(WORK TO BE COMPLETED) Reproduce the first line of the entries that follow and each later line, word for word, ending with the one containing "[N [HN HN0]];".

(DATA FOR PROCESSING)
Lemma translation_number_exists : exists t, translation_number G t.
Proof.
  set (u := fun k => iterate k G 0 / INR k).
  assert (Cu : ex_lim_seq_cauchy u).
  { intros eps. destruct (archimed_cor1 (eps / 2)) as [N [HN HN0]];
      [destruct eps; simpl; lra|].
    exists N. intros a b Ha Hb. unfold u.
    pose proof (iterate_ratio_close a b ltac:(lia) ltac:(lia)).
    pose proof (Rinv_le_contravar _ _ (lt_0_INR _ HN0) (le_INR _ _ Ha)).
    pose proof (Rinv_le_contravar _ _ (lt_0_INR _ HN0) (le_INR _ _ Hb)). lra. }
  apply ex_lim_seq_cauchy_corr, Lim_seq_correct' in Cu.
  set (t := real (Lim_seq u)) in Cu.
  exists t, 1. intros [|k]; [simpl; rewrite Rmult_0_l, Rminus_0_r, Rabs_R0; lra|].
  assert (PK : 0 < INR (S k)) by (apply lt_0_INR; lia).
  assert (Hk : Rabs (u (S k) - t) <= / INR (S k)).
  { assert (Hl : is_lim_seq (fun m => / INR (S k) + / INR m) (/ INR (S k))).
    { pose proof (is_lim_seq_plus' _ _ _ _ (is_lim_seq_const (/ INR (S k))) is_lim_seq_inv_INR)
        as Hl. now rewrite Rplus_0_r in Hl. }
    refine (is_lim_seq_le_loc (fun m => Rabs (u (S k) - u m)) _ _ _ _
              (is_lim_seq_abs _ (u (S k) - t) _) Hl).
    - exists 1%nat. intros m Hm. apply iterate_ratio_close; lia.
    - apply (is_lim_seq_minus' (fun _ => u (S k))); [apply is_lim_seq_const | exact Cu]. }
  unfold u in Hk.
  replace (iterate (S k) G 0 - INR (S k) * t)
    with (INR (S k) * (iterate (S k) G 0 / INR (S k) - t)) by (field; lra).
  rewrite Rabs_mult, Rabs_pos_eq by lra.
  apply (Rmult_le_compat_l (INR (S k))) in Hk; [|lra].
  rewrite Rinv_r in Hk by lra. exact Hk.
Qed.

End IncreasingDegreeOne.

Lemma translation_number_semiconj F G H t :
  strict_increasing G -> int_transl_invariant G ->
  strict_increasing H -> int_transl_invariant H ->
  (forall x, H (F x) = G (H x)) ->
  translation_number F t -> translation_number G t.
Proof.
  intros Gi Gt Hi Ht Hconj [C HC]. exists (C + 2). intros k.
  assert (Hk : iterate k G (H 0) = H (iterate k F 0)).
  { induction k as [|k IH]; [reflexivity|]. now rewrite !iterate_S, IH, Hconj. }
  pose proof (iterate_displacement_bound G Gi Gt k (H 0)) as BG.
  pose proof (iterate_displacement_bound H Hi Ht 1 (iterate k F 0)) as BH.
  specialize (HC k). simpl in BH. rewrite Hk in BG.
  apply Rabs_le_between' in BG. apply Rabs_le_between' in BH.
  apply Rabs_le_between' in HC. apply Rabs_le. lra.
Qed.

Lemma continuous_int_valued_no_jump d a b :
  continuity d -> (forall x, exists z, d x = IZR z) -> a < b -> ~ d a < d b.
Proof.
  intros Hc Hz Hab Hlt.
  destruct (Hz a) as [za Ea]. destruct (Hz b) as [zb Eb].
  rewrite Ea, Eb in Hlt. apply lt_IZR in Hlt.
  assert (Hzb : IZR za + 1 <= IZR zb) by (rewrite <- plus_IZR; apply IZR_le; lia).
  destruct (IVT (fun y => d y - (IZR za + 1/2)) a b) as [x [_ Hx]].
  - apply continuity_minus; [exact Hc|]. apply continuity_const. now intros ? ?.
  - exact Hab.
  - rewrite Ea. lra.
  - rewrite Eb. lra.
  - destruct (Hz x) as [zx Ex]. rewrite Ex in Hx.
    assert (za < zx)%Z by (apply lt_IZR; lra).
    assert (zx < za + 1)%Z by (apply lt_IZR; rewrite plus_IZR; lra). lia.
Qed.

Lemma continuous_int_valued_const d :
  continuity d -> (forall x, exists z, d x = IZR z) -> exists c : Z, forall x, d x = IZR c.
Proof.
  intros Hc Hz.
  assert (Hz' : forall x, exists z, - d x = IZR z).
  { intros x. destruct (Hz x) as [z Ez]. exists (- z)%Z. now rewrite opp_IZR, Ez. }
  assert (Heq : forall a b, a < b -> d a = d b).
  { intros a b Hab.
    pose proof (continuous_int_valued_no_jump d a b Hc Hz Hab).
    pose proof (continuous_int_valued_no_jump (fun y => - d y) a b
                  (continuity_opp _ Hc) Hz' Hab). lra. }
  destruct (Hz 0) as [c Ec]. exists c. intros x. rewrite <- Ec.
  destruct (Rtotal_order x 0) as [H|[H|H]]; [now apply Heq | now subst | symmetry; now apply Heq].
Qed.

Lemma proj_eq_int a b : proj a = proj b -> exists z : Z, a = b + IZR z.
Proof.
  intros H. apply (f_equal (@proj1_sig _ _)) in H. simpl in H.
  exists (Int_part a - Int_part b)%Z. rewrite minus_IZR. lra.
Qed.

Lemma lift_strict_increasing f F : is_lift f F -> strict_increasing F.
Proof. now intros (_ & Hi & _). Qed.

Lemma lift_int_transl_invariant f F : is_lift f F -> int_transl_invariant F.
Proof. intros (_ & _ & H1 & _). now apply int_transl_invariant_of_deg1. Qed.

Lemma lift_continuity f F : is_lift f F -> continuity F.
Proof. now intros (Hc & _). Qed.

Lemma proj_iterate f F k x : is_lift f F -> proj (iterate k F x) = iterate k f (proj x).
Proof.
  intros (_ & _ & _ & HF). induction k as [|k IH]; [reflexivity|].
  now rewrite !iterate_S, HF, IH.
Qed.

Lemma lift_unique_up_to_int f F F' : is_lift f F -> is_lift f F' ->
  exists c : Z, forall x, F' x = F x + IZR c.
Proof.
  intros HF HF'.
  destruct (continuous_int_valued_const (fun x => F' x - F x)) as [c Ec].
  - apply continuity_minus; eapply lift_continuity; eassumption.
  - intros x. destruct (proj_eq_int (F' x) (F x)) as [z Ez].
    + destruct HF as (_ & _ & _ & HF). destruct HF' as (_ & _ & _ & HF').
      now rewrite HF, HF'.
    + exists z. lra.
  - exists c. intros x. specialize (Ec x). simpl in Ec. lra.
Qed.

Lemma lift_semiconj_iterate n f h F H : is_lift f F -> is_lift h H ->
  (forall x, h (f x) = iterate n f (h x)) ->
  exists c : Z, forall x, H (F x) = iterate n F (H x) + IZR c.
Proof.
  intros HF HH Hcomm.
  destruct (continuous_int_valued_const (fun x => H (F x) - iterate n F (H x))) as [c Ec].
  - pose proof (lift_continuity f F HF) as Fc. pose proof (lift_continuity h H HH) as Hc.
    apply continuity_minus.
    + exact (continuity_comp _ _ Fc Hc).
    + exact (continuity_comp _ _ Hc (iterate_continuity F n Fc)).
  - intros x. destruct (proj_eq_int (H (F x)) (iterate n F (H x))) as [z Ez].
    + rewrite (proj_iterate f) by exact HF.
      destruct HH as (_ & _ & _ & HH). destruct HF as (_ & _ & _ & HF).
      now rewrite HH, HF, Hcomm, HH.
    + exists z. lra.
  - exists c. intros x. specialize (Ec x). simpl in Ec. lra.
Qed.

Lemma rotation_number_of_lift f F t (m : Z) :
  is_lift f F -> translation_number F t -> rotation_number_is f (t + IZR m).
Proof.
  intros HF Ht F' HF'.
  destruct (lift_unique_up_to_int f F F' HF HF') as [c Hc].
  exists (c - m)%Z. rewrite minus_IZR.
  replace (t + IZR m + (IZR c - IZR m)) with (t + IZR c) by ring.
  destruct (translation_number_int_shift F F' t c (lift_int_transl_invariant f F HF) Hc Ht)
    as [C HC].
  exact (is_lim_seq_bounded_drift _ _ C HC).
Qed.

(* Adding [Z.abs c] makes the numerator [- c] of [t = - c / (n - 1)] nonnegative. *)
Lemma nat_numerator_mod_1 n t (c : Z) : (2 <= n)%nat -> t = INR n * t + IZR c ->
  exists (l : nat) (m : Z), INR l / INR (n - 1) = t + IZR m.
Proof.
  intros Hn Ht.
  set (L := (- c + Z.abs c * (Z.of_nat n - 1))%Z).
  assert (HL : (0 <= L)%Z) by (unfold L; nia).
  exists (Z.to_nat L), (Z.abs c).
  assert (Pn : 1 < INR n) by (apply lt_1_INR; lia).
  rewrite INR_IZR_INZ, Z2Nat.id, minus_INR by lia. unfold L.
  rewrite plus_IZR, opp_IZR, mult_IZR, minus_IZR, <- INR_IZR_INZ. simpl (INR 1).
  apply (Rmult_eq_reg_r (INR n - 1)); [|lra].
  field_simplify; [|lra]. nra.
Qed.

Theorem mainTheorem2 (n : nat) (f h : circle -> circle) :
  (2 <= n)%nat ->
  orient_pres_homeo f ->
  orient_pres_homeo h ->
  (forall x, h (f x) = iterate n f (h x)) ->
  exists l : nat, rotation_number_is f (INR l / INR (n - 1)).
Proof.
  intros Hn [F HF] [H HH] Hcomm.
  pose proof (lift_strict_increasing f F HF) as Fi.
  pose proof (lift_int_transl_invariant f F HF) as Ft.
  destruct (lift_semiconj_iterate n f h F H HF HH Hcomm) as [c Hc].
  set (G := fun x => iterate n F x + IZR c).
  assert (Gi : strict_increasing G).
  { intros x y Hxy. unfold G. pose proof (iterate_strict_increasing F n Fi x y Hxy). lra. }
  assert (Gt : int_transl_invariant G).
  { intros z x. unfold G. rewrite (iterate_int_transl_invariant F n Ft). ring. }
  destruct (translation_number_exists F Fi Ft) as [t Ht].
  assert (Hfix : t = INR n * t + IZR c).
  { apply (translation_number_unique G).
    - exact (translation_number_semiconj F G H t Gi Gt
               (lift_strict_increasing h H HH) (lift_int_transl_invariant h H HH) Hc Ht).
    - apply (translation_number_int_shift (iterate n F)); [|reflexivity|].
      + now apply iterate_int_transl_invariant.
      + now apply translation_number_iterate. }
  destruct (nat_numerator_mod_1 n t c Hn Hfix) as [l [m Hl]].
  exists l. rewrite Hl. exact (rotation_number_of_lift f F t m HF Ht).
Qed.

(RESULT)
Lemma translation_number_exists : exists t, translation_number G t.
Proof.
  set (u := fun k => iterate k G 0 / INR k).
  assert (Cu : ex_lim_seq_cauchy u).
  { intros eps. destruct (archimed_cor1 (eps / 2)) as [N [HN HN0]];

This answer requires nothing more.